John_Maxwell 22 Jun 2022 23:20 UTC
5 points
0

Eliezer is a good example of someone who built a lot of status on the back of “breaking” others’ unworkable alignment strategies. I found the AI Box experiments especially enlightening in my early days.

Fair enough.

My personal feeling is that poking holes in alignment strategies is easier than coming up with good ones, but I’m also aware that thinking that breaking is easy is probably committing some quantity of typical mind fallacy.

Yeah personally building feels more natural to me.

I agree a leaderboard would be great. I think it’d be cool to have a leaderboard for proposals as well—“this proposal has been unbroken for X days” seems like really valuable information that’s not currently being collected.

I don’t think I personally have enough clout to muster the coordination necessary for a tournament or leaderboard, but you probably do. One challenge is that different proposals are likely to assume different sorts of available capabilities. I have a hunch that many disagreements which appear to be about alignment are actually about capabilities.

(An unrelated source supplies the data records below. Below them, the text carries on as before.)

(* For every analytic set $S\subseteq(0;1)$ there is a solid closed set $A\subseteq 2^{\omega}$ such that $\operatorname{ran}\mathcal{D}_A=\{0,1\}\cup S$, and there is also a solid open set $A'\subseteq 2^{\omega}$ such that $\operatorname{ran}\mathcal{D}_{A'}=\{0,1\}\cup S$.
   Context: $2^{\omega}$ is the Cantor space of infinite binary sequences with the product topology; for a finite binary sequence $s$ let $N_s=\{x\in 2^\omega: s\subset x\}$. $\mu$ is the coin-tossing probability measure on $2^\omega$, i.e. the unique Borel probability measure with $\mu(N_s)=2^{-\mathrm{lh}(s)}$. For a measurable $A\subseteq 2^\omega$ and $z\in 2^\omega$, the density of $A$ at $z$ is $\mathcal{D}_A(z)=\lim_{n\to\infty}\mu(A\cap N_{z\restriction n})/\mu(N_{z\restriction n})$, defined only when the limit exists; $\operatorname{ran}\mathcal{D}_A$ is the set of values $\mathcal{D}_A(z)$ over all $z$ at which the limit exists. A point $z$ is blurry for $A$ if $\mathcal{D}_A(z)$ does not exist. $A$ is solid if no point of $2^\omega$ is blurry for $A$. *)

From HB Require Import structures.
From mathcomp Require Import all_boot all_order all_algebra.
From mathcomp Require Import all_classical all_reals all_analysis.
Set Implicit Arguments. Unset Strict Implicit. Unset Printing Implicit Defensive.
Import Order.TTheory GRing.Theory Num.Theory numFieldNormedType.Exports.
Local Open Scope classical_set_scope.
Local Open Scope ring_scope.

Definition cantor := nat -> bool.

Definition cyl (s : seq bool) : set cantor :=
  [set x | forall i, (i < size s)%N -> x i = nth false s i].

Definition restr (z : cantor) (n : nat) : seq bool := mkseq z n.

(* The set of cylinders; the sigma-algebra it generates is the Borel
   sigma-algebra of the product topology on 2^omega. *)
Definition cylinders : set (set cantor) := range cyl.

Definition cantorB := g_sigma_algebraType cylinders.

(* Product topology on 2^omega, written out via its basis of cylinders. *)
Definition c_open (A : set cantor) : Prop :=
  forall x, A x -> exists n, cyl (restr x n) `<=` A.
Definition c_closed (A : set cantor) : Prop := c_open (~` A).

Definition dens_ratio (R : realType) (mu : set cantorB -> \bar R)
  (A : set cantor) (z : cantor) (n : nat) : R :=
  fine (mu (A `&` cyl (restr z n))) / fine (mu (cyl (restr z n))).

Definition density_is (R : realType) (mu : set cantorB -> \bar R)
  (A : set cantor) (z : cantor) (l : R) : Prop :=
  dens_ratio mu A z @ \oo --> l.

Definition ran_density (R : realType) (mu : set cantorB -> \bar R)
  (A : set cantor) : set R :=
  [set l | exists z, density_is mu A z l].

Definition blurry (R : realType) (mu : set cantorB -> \bar R)
  (A : set cantor) (z : cantor) : Prop :=
  ~ exists l, density_is mu A z l.

Definition solid (R : realType) (mu : set cantorB -> \bar R)
  (A : set cantor) : Prop := forall z, ~ blurry mu A z.

(* Baire space omega^omega with the product topology (discrete nat);
   continuity of f : omega^omega -> R written out with the basic
   neighbourhoods {y | y agrees with x below n}. *)
Definition baire_continuous (R : realType) (f : (nat -> nat) -> R) : Prop :=
  forall (x : nat -> nat) (e : R), 0 < e ->
    exists n : nat, forall y : nat -> nat,
      (forall i, (i < n)%N -> y i = x i) -> `|f y - f x| < e.

Definition analytic (R : realType) (S : set R) : Prop :=
  S = set0 \/ exists f : (nat -> nat) -> R, baire_continuous f /\ range f = S.

Definition coin_tossing (R : realType) (mu : {measure set cantorB -> \bar R}) : Prop :=
  forall s : seq bool, mu (cyl s) = ((2 ^- size s : R))%:E.

(* Interleave the coordinates of 2^omega: even coordinates carry data bits,
   odd ones steer along the spine, the closed null set of points whose odd
   coordinates are all 1.  Given V : seq bool -> [0, 1], below the node where a
   point leaves the spine after reading the data word u, place a clopen set
   whose relative measure is V u up to 2^-|u| (a binary expansion of V u).  The
   open set is the union of these pieces, the closed set adds the spine.  Off
   the spine both sets are clopen near the point, so the density there is 0 or
   1.  At a spine point z, the relative measure x_j of the node of depth 2j is
   the average of two pieces and two deeper nodes, so x_j ~ (x_(j+1) + 3 l) / 4
   as soon as V is close to l on all short extensions of the data of z; this
   recursion contracts, hence x_j -> l.  For S = f(omega^omega), V u applies f
   to the run-length decoding of the first half of u: along every branch V
   converges to some f x, and f x is reached along a branch encoding x. *)

From HB Require Import structures.
From mathcomp Require Import all_boot all_order all_algebra.
From mathcomp Require Import all_classical all_reals all_analysis.
From mathcomp Require Import ring lra zify.
Set Implicit Arguments. Unset Strict Implicit. Unset Printing Implicit Defensive.
Import Order.TTheory GRing.Theory Num.Theory numFieldNormedType.Exports.

Lemma mkseqD (T : Type) (f : nat -> T) m n :
  mkseq f (m + n) = mkseq f m ++ mkseq (fun i => f (m + i)) n.
Proof.
rewrite /mkseq iotaD map_cat add0n; congr (_ ++ _).
by rewrite -{1}(addn0 m) iotaDl -map_comp.
Qed.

In the absence of coordination, I think if someone like you was to simply start advertising themselves as an “uberbreaker” who can shoot holes in any proposal, and over time give reports on which proposals seem the strongest, that could be really valuable and status-rewarding. Sort of a “pre-Eliezer” person who I can run my ideas by in a lower stakes context, as opposed to saying “Hey Eliezer, I solved alignment—wallop me if I’m wrong!”
- elspood 23 Jun 2022 15:55 UTC
  6 points
  0
  Parent
  I appreciate the nudge here to put some of this into action. I hear alarm bells when thinking about formalizing a centralized location for AI safety proposals and information about how they break, but my rough intuition is that if there is a way these can be scrubbed of descriptions of capabilities which could be used irresponsibly to bootstrap AGI, then this is a net positive. At the very least, we should be scrambling to discuss safety controls for already public ML paradigms, in case any of these are just one key insight or a few teraflops away from being world-ending.
  
  I would like to hear from others about this topic, though; I’m very wary of being at fault for accelerating the doom of humanity.